Release v2.6.0 — Corpus Intelligence UI, Semantic Search, and Operator Tooling¶
Release Date: April 2026
Type: Minor Release
Last Updated: April 2026
Summary¶
v2.6.0 is a minor release that ships a full browser surface for exploring processed corpora alongside the pipeline: a Vue 3 + Vite GI/KG viewer on a FastAPI server, semantic corpus search (FAISS) exposed in the UI and CLI, Corpus Library, Digest, and Dashboard experiences, and a graph exploration toolkit for Cytoscape-based GI/KG views. On the provider and evaluation side, the release tightens how you compare quality and cost: the Run Comparison Streamlit app gains a Performance tab tied to frozen YAML profiles (RFC-064), sitting on top of the seven LLM providers and hybrid ML stack delivered in v2.5.0.
The Python library surface (Config, run_pipeline, service.run) stays backward compatible. HTTP, the SPA, and server-only routes are additive behind pip install -e '.[dev]'. GIL and KG reach Completed status for single-layer artifacts and consumption (RFC-049 / RFC-050, RFC-055 / RFC-056); cross-layer identity remains future work (Draft RFC-072). Multi-feed corpus layout, manifest, and unified indexing ship per RFC-063.
Spotlight — GI/KG viewer and corpus UI¶
v2.5.0 expanded who summarizes and detects speakers (providers). v2.6.0 expands where you inspect the results: a dedicated GI/KG viewer aligned with ADR-064–ADR-066 and RFC-062.
Stack and entrypoints
- FastAPI —
podcast serve(optional[dev]extra), CORS and static SPA, OpenAPI at/docs. - Vue 3 + Vite + Cytoscape — SPA under
web/gi-kg-viewer, shellcorpusPath, shared design rules in UXS-001 and feature UXSs (Digest, Library, Graph, Search, Dashboard, …). - Playwright — UI E2E in
web/gi-kg-viewer/e2e/; contract summarized ine2e/E2E_SURFACE_MAP.md.

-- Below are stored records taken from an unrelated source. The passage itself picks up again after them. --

Lemma char_poly_witness_choi :
  N = 1 -> char_poly witness_choi =
           \prod_(x <- [:: (1 + s ^+ 2) / 2; t ^+ 2 / 2; 0; 0]) ('X - x%:P).
Proof.
move=> N1; rewrite (char_poly_eigenbasis (witness_basis_unit N1) witness_choi_eigen).
rewrite big_mxtens_index !big_ord2 /= !mxE !mxtens_indexK /= N1 !mulr1.
by rewrite !big_cons big_nil mulr1 !mulrA.
Qed.

Definition witness_channel := kraus (fun l => map_mx rc (witness_kraus l)).

Lemma witness_tp : N = 1 -> s ^+ 2 + t ^+ 2 = 1 -> trace_preserving witness_channel.
Proof.
move=> N1 st1; apply: kraus_real_tp.
have -> : \sum_l (witness_kraus l)^T *m witness_kraus l =
    1%:M + (s ^+ 2 + t ^+ 2 - 1) *: mx2 (u1 ^+ 2) (u1 * u2) (u1 * u2) (u2 ^+ 2)
         + (N - 1) *: 1%:M.
  apply/matrixP => i j; rewrite !mxE !big_ord2 /= !mxE !big_ord2 /= !mxE.
  by case: (ord2P i) => ->; case: (ord2P j) => -> /=; ring.
by rewrite N1 st1 subrr !scale0r !addr0.
Qed.

Lemma witness_classical_action (a b : R) :
  N = 1 -> s ^+ 2 + t ^+ 2 = 1 -> (s * u1) ^+ 2 = a -> (s * u2) ^+ 2 = 1 - b ->
  classical_action witness_channel = Tab a b.
Proof.
move=> N1 st1 <- b_eq; have -> : b = 1 - (s * u2) ^+ 2 by rewrite b_eq subKr.
rewrite classical_action_kraus_real Tab_mx2.
have -> : \matrix_(i, j) \sum_l witness_kraus l i j ^+ 2 =
    mx2 ((s * u1) ^+ 2) (1 - (1 - (s * u2) ^+ 2)) (1 - (s * u1) ^+ 2) (1 - (s * u2) ^+ 2)
    + (s ^+ 2 + t ^+ 2 - 1) *: mx2 0 0 (u1 ^+ 2) (u2 ^+ 2) + (N - 1) *: mx2 0 0 1 1.
  apply/matrixP => i j; rewrite !mxE !big_ord2 /= !mxE.
  by case: (ord2P i) => ->; case: (ord2P j) => -> /=; ring.
by rewrite N1 st1 subrr !scale0r !addr0.
Qed.

Lemma spectrum_witness_channel :
  N = 1 -> spectrum (jamiolkowski witness_channel) [:: (1 + s ^+ 2) / 2; t ^+ 2 / 2; 0; 0].
Proof.
move=> N1; split => //.
rewrite jamiolkowski_kraus_real -map_char_poly char_poly_witness_choi // rmorph_prod.
by apply: eq_bigr => x _; exact: map_polyXsubC.
Qed.

End Witness.

Lemma witness_params (R : rcfType) (a b : R) : 0 <= a -> a <= b -> b <= 1 ->
  exists u1 u2 s t : R, [/\ u1 ^+ 2 + u2 ^+ 2 = 1, s ^+ 2 + t ^+ 2 = 1,
     (s * u1) ^+ 2 = a, (s * u2) ^+ 2 = 1 - b & s ^+ 2 = a + (1 - b) /\ t ^+ 2 = b - a].
Proof.
move=> a_ge0 a_le_b b_le1.
have ab_ge0 : 0 <= a + (1 - b) by lra.
have ba_ge0 : 0 <= b - a by lra.
pose s := Num.sqrt (a + (1 - b)); pose t := Num.sqrt (b - a).
have s2 : s ^+ 2 = a + (1 - b) by rewrite sqr_sqrtr.
have t2 : t ^+ 2 = b - a by rewrite sqr_sqrtr.
have st1 : s ^+ 2 + t ^+ 2 = 1 by rewrite s2 t2; ring.
have [s0|s_neq0] := eqVneq s 0.
  have a0 : a = 0 by move: s2; rewrite s0 expr0n /=; lra.
  have b1 : 1 - b = 0 by move: s2; rewrite s0 expr0n /=; lra.
  exists 0, 1, s, t; split => //.
  - by rewrite expr0n expr1n add0r.
  - by rewrite mulr0 expr0n a0.
  - by rewrite mulr1 s0 expr0n b1.
have b1_ge0 : 0 <= 1 - b by lra.
exists (Num.sqrt a / s), (Num.sqrt (1 - b) / s), s, t; split => //.
- by rewrite !expr_div_n !sqr_sqrtr // -mulrDl -s2 mulfV // expf_neq0.
- by rewrite mulrC divfK // sqr_sqrtr.
- by rewrite mulrC divfK // sqr_sqrtr.
Qed.

Theorem mainTheorem5 (R : rcfType) (a b : R) :
  0 <= a -> a <= b -> b <= 1 ->
  (forall Phi : {linear 'M[R[i]]_2 -> 'M[R[i]]_2},
      qubit_channel Phi -> classical_action Phi = Tab a b ->
      exists s : seq R, spectrum (jamiolkowski Phi) s /\ majorizes (mu_vec a b) s)
  /\
  (exists PhiC : {linear 'M[R[i]]_2 -> 'M[R[i]]_2},
      qubit_channel PhiC /\ classical_action PhiC = Tab a b /\
      spectrum (jamiolkowski PhiC) (mu_vec a b)).
Proof.
move=> a_ge0 a_le_b b_le1; split=> [Phi [cp tp] T_Phi|].
  exact: jamiolkowski_majorized.
have [u1 [u2 [s [t [u1_norm st1 sa sb [s2 t2]]]]]] := witness_params a_ge0 a_le_b b_le1.
exists (GRing.Linear.clone _ _ _ _ (witness_channel u1 u2 s t) _).
split; [split | split].
- exact: kraus_cp.
- exact: witness_tp.
- exact: witness_classical_action.
- have -> : mu_vec a b = [:: (1 + s ^+ 2) / 2; t ^+ 2 / 2; 0; 0].
    by rewrite s2 t2 addrA.
  exact: spectrum_witness_channel.
Qed.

Tabs and flows (high level)
| Area | What you get | PRD / RFC |
|---|---|---|
| Library | Feeds and episodes from disk, pagination and filters, episode detail (summary bullets, GI/KG paths), FAISS similar episodes when indexed, handoffs to Graph and Search | PRD-022, RFC-067 |
| Digest | Rolling digest of recent work across feeds, 24h glance from Library, optional semantic topic bands when a vector index exists | PRD-023, RFC-068 |
| Dashboard | Pipeline vs Content intelligence Chart.js panels, corpus stats, manifest awareness, capped run.json discovery, timelines for index / digest / GI-KG |
PRD-025, RFC-071 |
| Graph | Zoom (100% / numeric), Shift+drag box zoom, minimap v1, degree-bucket filter, built-in layouts, edge filters | PRD-024, RFC-069 |
| Search | Semantic search over the corpus in the UI, consistent with CLI podcast search / indexing |
PRD-021, RFC-061, RFC-062 |
HTTP surface
/api/corpus/*— Library and Dashboard data (feeds, episodes, detail, similar, aggregates as documented).GET /api/corpus/digest— Digest JSON for the Digest tab and health discovery.GET /api/search— Semantic search API used by the viewer (Server Guide).POST /api/index/rebuild/GET /api/index/stats— Background vector index rebuild (202 / 409 semantics) and staleness-oriented stats for operators.GET /api/health— May includecorpus_library_api,corpus_digest_api, and related flags for capability discovery (Migration Guide).
Design and UX references
- Server Guide — full route table and behavior notes.
- E2E Testing Guide — Playwright workflow.
- Development Guide — local serve,
SERVE_OUTPUT_DIR, viewer development. - docs/uxs/index.md — UX specifications for shared tokens and feature surfaces.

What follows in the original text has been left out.